TASK DETAILS: Give the lines below again exactly, starting with the line that holds "Section NormedSpaceFacts." and going on through the line that holds "- rewrite vscal_distr_l, vadd_assoc, <- vscal_distr_r.".

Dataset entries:
------------------------------

Lemma Rsup_eq E M : E M -> (forall r, E r -> r <= M) -> Rsup E = M.
Proof.
  intros HM Hub. apply Rle_antisym.
  - apply Rsup_le; [exists M|]; assumption.
  - apply Rsup_ub; [exists M|]; assumption.
Qed.

Lemma Rsup_lt E r : bound E -> (exists x, E x) -> r < Rsup E -> exists s, E s /\ r < s.
Proof.
  intros Hb He Hr. apply NNPP; intro Hn.
  enough (Rsup E <= r) by lra.
  apply Rsup_le; [exact He|]. intros s Hs.
  apply Rnot_lt_le; intro; apply Hn; exists s; auto.
Qed.

(* Rsup returns the junk value 0 on unbounded sets, so a nonzero value is an upper bound. *)
Lemma Rsup_neq0_ub E r : Rsup E <> 0 -> E r -> r <= Rsup E.
Proof.
  intros Hne Hr. revert Hne. unfold Rsup.
  destruct (excluded_middle_informative _) as [H|H]; [|tauto].
  destruct (completeness E (proj1 H) (proj2 H)) as [m Hm]; simpl.
  intros _. apply (proj1 Hm), Hr.
Qed.

Lemma Un_cv_const c : Un_cv (fun _ => c) c.
Proof.
  intros eps Heps. exists 0%nat. intros n _.
  unfold R_dist. rewrite Rminus_diag, Rabs_R0. exact Heps.
Qed.

Lemma Un_cv_squeeze_below u w l :
  (forall n, l - w n <= u n <= l) -> Un_cv w 0 -> Un_cv u l.
Proof.
  intros Hu Hw eps Heps. destruct (Hw eps Heps) as [K HK]. exists K. intros n Hn.
  specialize (HK n Hn). specialize (Hu n). unfold R_dist in *. rewrite Rminus_0_r in HK.
  apply Rabs_def2 in HK. apply Rabs_def1; lra.
Qed.

Section NormedSpaceFacts.
Variable X : NormedSpace.
Implicit Types u v w : X.

Lemma vscal_0 u : vscal 0 u = vzero.
Proof. apply vnorm_zero. rewrite vnorm_scal, Rabs_R0. ring. Qed.

Lemma vnorm_vzero : vnorm (@vzero X) = 0.
Proof. apply vnorm_zero; reflexivity. Qed.

Lemma vscal_vzero c : vscal c (@vzero X) = vzero.
Proof. apply vnorm_zero. rewrite vnorm_scal, vnorm_vzero. ring. Qed.

Lemma vsub_add u v : vadd (vsub u v) v = u.
Proof.
  unfold vsub. rewrite <- vadd_assoc. rewrite <- (vscal_one X v) at 2.
  rewrite <- vscal_distr_r. replace (-1 + 1) with 0 by ring. rewrite vscal_0. apply vadd_zero.
Qed.

Lemma vnorm_pos v : v <> vzero -> 0 < vnorm v.
Proof.
  intros Hv. destruct (Rle_lt_or_eq_dec _ _ (vnorm_nonneg _ v)) as [H|H]; [exact H|].
  exfalso. apply Hv, vnorm_zero. auto.
Qed.

Lemma vnorm_normalize v : 0 < vnorm v -> vnorm (vscal (/ vnorm v) v) = 1.
Proof.
  intros Hv. rewrite vnorm_scal, Rabs_pos_eq by (left; apply Rinv_0_lt_compat, Hv).
  field. lra.
Qed.

(* [u + t w] is the convex combination [(1 - t) u + t (u + w)]. *)
Lemma vnorm_add_scal_convex t u w : 0 <= t <= 1 ->
  vnorm (vadd u (vscal t w)) <= (1 - t) * vnorm u + t * vnorm (vadd u w).
Proof.
  intros Ht.
  replace (vadd u (vscal t w)) with (vadd (vscal (1 - t) u) (vscal t (vadd u w))).
  - eapply Rle_trans; [apply vnorm_triangle|].
    rewrite !vnorm_scal, !Rabs_pos_eq by lra. lra.
  - rewrite vscal_distr_l, vadd_assoc, <- vscal_distr_r.
    replace (1 - t + t) with 1 by ring. rewrite vscal_one. reflexivity.
Qed.
End NormedSpaceFacts.

Section OperatorNorm.
Variables X Y : NormedSpace.
Local Notation BL := (bounded_linear X Y).
Local Notation opn := (opnorm X Y).
Implicit Types A B : X -> Y.

Lemma bounded_linear_vzero A : BL A -> A vzero = vzero.
Proof. intros [_ [Hs _]]. rewrite <- (vscal_0 X vzero), Hs. apply vscal_0. Qed.

Lemma bounded_linear_add A B : BL A -> BL B -> BL (op_add X Y A B).
Proof.
  intros [Aa [As [CA HA]]] [Ba [Bs [CB HB]]]. unfold op_add. repeat split.
  - intros u v. rewrite Aa, Ba, <- !vadd_assoc. f_equal.
    rewrite !vadd_assoc. f_equal. apply vadd_comm.
  - intros a u. rewrite As, Bs, vscal_distr_l. reflexivity.
  - exists (CA + CB). intros x. eapply Rle_trans; [apply vnorm_triangle|].
    specialize (HA x). specialize (HB x). lra.
Qed.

------------------------------

SOLUTION TO THIS EXERCISE:
Section NormedSpaceFacts.
Variable X : NormedSpace.
Implicit Types u v w : X.

Lemma vscal_0 u : vscal 0 u = vzero.
Proof. apply vnorm_zero. rewrite vnorm_scal, Rabs_R0. ring. Qed.

Lemma vnorm_vzero : vnorm (@vzero X) = 0.
Proof. apply vnorm_zero; reflexivity. Qed.

Lemma vscal_vzero c : vscal c (@vzero X) = vzero.
Proof. apply vnorm_zero. rewrite vnorm_scal, vnorm_vzero. ring. Qed.

Lemma vsub_add u v : vadd (vsub u v) v = u.
Proof.
  unfold vsub. rewrite <- vadd_assoc. rewrite <- (vscal_one X v) at 2.
  rewrite <- vscal_distr_r. replace (-1 + 1) with 0 by ring. rewrite vscal_0. apply vadd_zero.
Qed.

Lemma vnorm_pos v : v <> vzero -> 0 < vnorm v.
Proof.
  intros Hv. destruct (Rle_lt_or_eq_dec _ _ (vnorm_nonneg _ v)) as [H|H]; [exact H|].
  exfalso. apply Hv, vnorm_zero. auto.
Qed.

Lemma vnorm_normalize v : 0 < vnorm v -> vnorm (vscal (/ vnorm v) v) = 1.
Proof.
  intros Hv. rewrite vnorm_scal, Rabs_pos_eq by (left; apply Rinv_0_lt_compat, Hv).
  field. lra.
Qed.

(* [u + t w] is the convex combination [(1 - t) u + t (u + w)]. *)
Lemma vnorm_add_scal_convex t u w : 0 <= t <= 1 ->
  vnorm (vadd u (vscal t w)) <= (1 - t) * vnorm u + t * vnorm (vadd u w).
Proof.
  intros Ht.
  replace (vadd u (vscal t w)) with (vadd (vscal (1 - t) u) (vscal t (vadd u w))).
  - eapply Rle_trans; [apply vnorm_triangle|].
    rewrite !vnorm_scal, !Rabs_pos_eq by lra. lra.
  - rewrite vscal_distr_l, vadd_assoc, <- vscal_distr_r.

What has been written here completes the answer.